Es war das erste und ist das älteste Museum in Rastatt: das Rastatter Stadtmuseum in der Herrenstraße 11. In diesem Jahr feiert es seinen 125. Geburtstag. Anlässlich des Jubiläums können Bürger und Touristen ab sofort das 1895 gegründete Museum bis Jahresende bei freiem Eintritt besuchen. Auf ein umfassendes Jubiläumsprogramm muss das Stadtmuseum coronabedingt aber vorerst verzichten, informiert das Rathaus.

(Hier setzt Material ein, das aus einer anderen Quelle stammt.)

Definition signomial (n k : nat) (a : 'I_k -> 'I_n -> int) (s : 'I_k -> bool)
  (c : 'I_k -> R) (x : 'I_n -> R) : R :=
  \sum_(j < k) sgn R (s j) * c j * lmon x (a j).

(* x_i d/dx_i f_c (x) ; for a Laurent monomial x_i d/dx_i x^a = a_i x^a *)
Definition signomial_toric_deriv (n k : nat) (a : 'I_k -> 'I_n -> int) (s : 'I_k -> bool)
  (c : 'I_k -> R) (x : 'I_n -> R) (i : 'I_n) : R :=
  \sum_(j < k) sgn R (s j) * c j * (a j i)%:~R * lmon x (a j).

Definition nabla_pos (n k : nat) (a : 'I_k -> 'I_n -> int) (s : 'I_k -> bool)
  (c : 'I_k -> R) : Prop :=
  (forall j, 0 < c j) /\
  exists x : 'I_n -> R, (forall i, 0 < x i) /\
    signomial a s c x = 0 /\ (forall i, signomial_toric_deriv a s c x i = 0).

Definition cpoly_eval (n k : nat) (a : 'I_k -> 'I_n -> int) (c : 'I_k -> C)
  (x : 'I_n -> C) : C := \sum_(j < k) c j * lmon x (a j).

Definition cpoly_toric_deriv (n k : nat) (a : 'I_k -> 'I_n -> int) (c : 'I_k -> C)
  (x : 'I_n -> C) (i : 'I_n) : C := \sum_(j < k) c j * (a j i)%:~R * lmon x (a j).

Definition has_sing_zero (n k : nat) (a : 'I_k -> 'I_n -> int) (c : 'I_k -> C) : Prop :=
  exists x : 'I_n -> C, (forall i, x i != 0) /\
    cpoly_eval a c x = 0 /\ (forall i, cpoly_toric_deriv a c x i = 0).

Definition zariski_closure (k : nat) (S : ('I_k -> C) -> Prop) : ('I_k -> C) -> Prop :=
  fun z => forall p : mpoly.mpoly k C,
    (forall y, S y -> mpoly.meval y p = 0) -> mpoly.meval z p = 0.

Definition disc_variety (n k : nat) (a : 'I_k -> 'I_n -> int) : ('I_k -> C) -> Prop :=
  zariski_closure (has_sing_zero a).

Definition tau (k : nat) (s : 'I_k -> bool) (z : 'I_k -> C) : 'I_k -> C :=
  fun j => sgn C (s j) * z j.

(* dim conv(A) = n : A nonempty and the differences a_j - a_j0 span R^n *)
Definition full_dim (n k : nat) (a : 'I_k -> 'I_n -> int) : Prop :=
  exists j0 : 'I_k,
    \rank (\matrix_(j < k, i < n) (((a j i - a j0 i)%:~R) : R)) = n.

End Defs.

From HB Require Import structures.
From mathcomp Require Import all_boot all_order all_algebra.
From mathcomp Require Import reals.
From mathcomp.real_closed Require Import complex.
From mathcomp Require Import mpoly.
From mathcomp Require Import ring lra.
From Stdlib Require Import FunctionalExtensionality.
Set Implicit Arguments.
Unset Strict Implicit.
Unset Printing Implicit Defensive.
Import Order.TTheory GRing.Theory Num.Theory.
Local Open Scope ring_scope.
Local Open Scope complex_scope.

(* A coefficient vector c lies in nabla_{>0} iff, for some positive x, the vector
   (sigma_a c_a x^a)_a is a kernel vector of the matrix with rows 1 and A having
   sign pattern sigma; it has a singular zero x in (C^* )^n iff (c_a x^a)_a is a
   complex kernel vector.  Fix a positive kernel vector v0 and a complex one u.
   For small real l, m the real kernel vectors v0 + l Re(u - v0) + m Im(u - v0)
   keep the sign pattern sigma, so after division by y^a, y positive, they give
   points of nabla_{>0}.  A polynomial p vanishing on nabla_{>0} thus vanishes at
   sigma (v0 + l Re(u - v0) + m Im(u - v0)) / x^a for all small positive l, m and
   positive x.  This is a Laurent polynomial in each of l, m, x_1, ..., x_n
   separately, so it vanishes for all nonzero complex values of these variables,
   in particular at l = 1, m = i, where it is p (tau (u / x^a)).  Hence tau maps
   the singular locus into the closure of nabla_{>0}; the reverse inclusion is
   clear, and tau is a linear involution, so it commutes with Zariski closure. *)

Section Laurent.
Variable F : fieldType.

Definition laurent (h : F -> F) := exists (P : {poly F}) (N : nat),
  forall z, z != 0 -> h z * z ^+ N = P.[z].

Lemma eq_laurent h1 h2 : h1 =1 h2 -> laurent h1 -> laurent h2.
Proof. by move=> E [P [N H]]; exists P, N => z nz; rewrite -E H. Qed.

Lemma laurent_cst c : laurent (fun=> c).
Proof. by exists c%:P, 0%N => z _; rewrite expr0 mulr1 hornerC. Qed.

Lemma laurent_id : laurent id.
Proof. by exists 'X, 0%N => z _; rewrite expr0 mulr1 hornerX. Qed.

Lemma laurentD h1 h2 : laurent h1 -> laurent h2 -> laurent (h1 \+ h2).
Proof.
move=> [P1 [N1 H1]] [P2 [N2 H2]].
exists (P1 * 'X^N2 + P2 * 'X^N1), (N1 + N2)%N => z nz.
rewrite hornerD !hornerM !hornerXn -H1 // -H2 // exprD /=; ring.
Qed.

Lemma laurentM h1 h2 : laurent h1 -> laurent h2 -> laurent (h1 \* h2).
Proof.
move=> [P1 [N1 H1]] [P2 [N2 H2]].
exists (P1 * P2), (N1 + N2)%N => z nz.
rewrite hornerM -H1 // -H2 // exprD /=; ring.
Qed.

Lemma laurent_sum (I : Type) (r : seq I) (h : I -> F -> F) :
  (forall i, laurent (h i)) -> laurent (fun z => \sum_(i <- r) h i z).
Proof.
move=> Hh; elim: r => [|i r IH].
  by apply: eq_laurent (laurent_cst 0) => z; rewrite big_nil.
by apply: eq_laurent (laurentD (Hh i) IH) => z; rewrite big_cons.
Qed.

Lemma laurent_prod (I : Type) (r : seq I) (h : I -> F -> F) :
  (forall i, laurent (h i)) -> laurent (fun z => \prod_(i <- r) h i z).
Proof.
move=> Hh; elim: r => [|i r IH].
  by apply: eq_laurent (laurent_cst 1) => z; rewrite big_nil.
by apply: eq_laurent (laurentM (Hh i) IH) => z; rewrite big_cons.
Qed.

Lemma laurentX h m : laurent h -> laurent (fun z => h z ^+ m).
Proof.
move=> Hh; elim: m => [|m IH].
  by apply: eq_laurent (laurent_cst 1) => z; rewrite expr0.
by apply: eq_laurent (laurentM Hh IH) => z; rewrite /= exprS.
Qed.

Lemma laurent_expz (e : int) : laurent (fun z => z ^ e).
Proof.
case: e => m; first exact: laurentX laurent_id.
exists 1, m.+1 => z nz.
by rewrite hornerC NegzE -invr_expz mulVf // expfz_neq0.
Qed.

Lemma laurent_meval k (p : {mpoly F[k]}) (h : 'I_k -> F -> F) :
  (forall j, laurent (h j)) -> laurent (fun z => p.@[fun j => h j z]).
Proof.
move=> Hh; apply: eq_laurent (fun z => esym (mevalE _ _)) _.
apply: laurent_sum => m; apply: laurentM; first exact: laurent_cst.
by apply: laurent_prod => i; apply: laurentX.
Qed.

Stadtmuseum erlebt viele Umzüge

Ende des 19. Jahrhunderts sind in vielen Städten Archive und Museen ins Leben gerufen worden. Dazu beigetragen haben die Badische Historische Kommission, die ab 1885 im Großherzogtum Baden aktiv war, und Eduard Degler. Der Architekt und Bauunternehmer beschäftigte sich mit dem Abriss der Festung und der Neuplanung Rastatts. Für die Bürger war es genau jene Entfestigung, die in ihnen den Wunsch nach einer städtischen Einrichtung heranwachsen ließ, in der die Stadtgeschichte bewahrt wird.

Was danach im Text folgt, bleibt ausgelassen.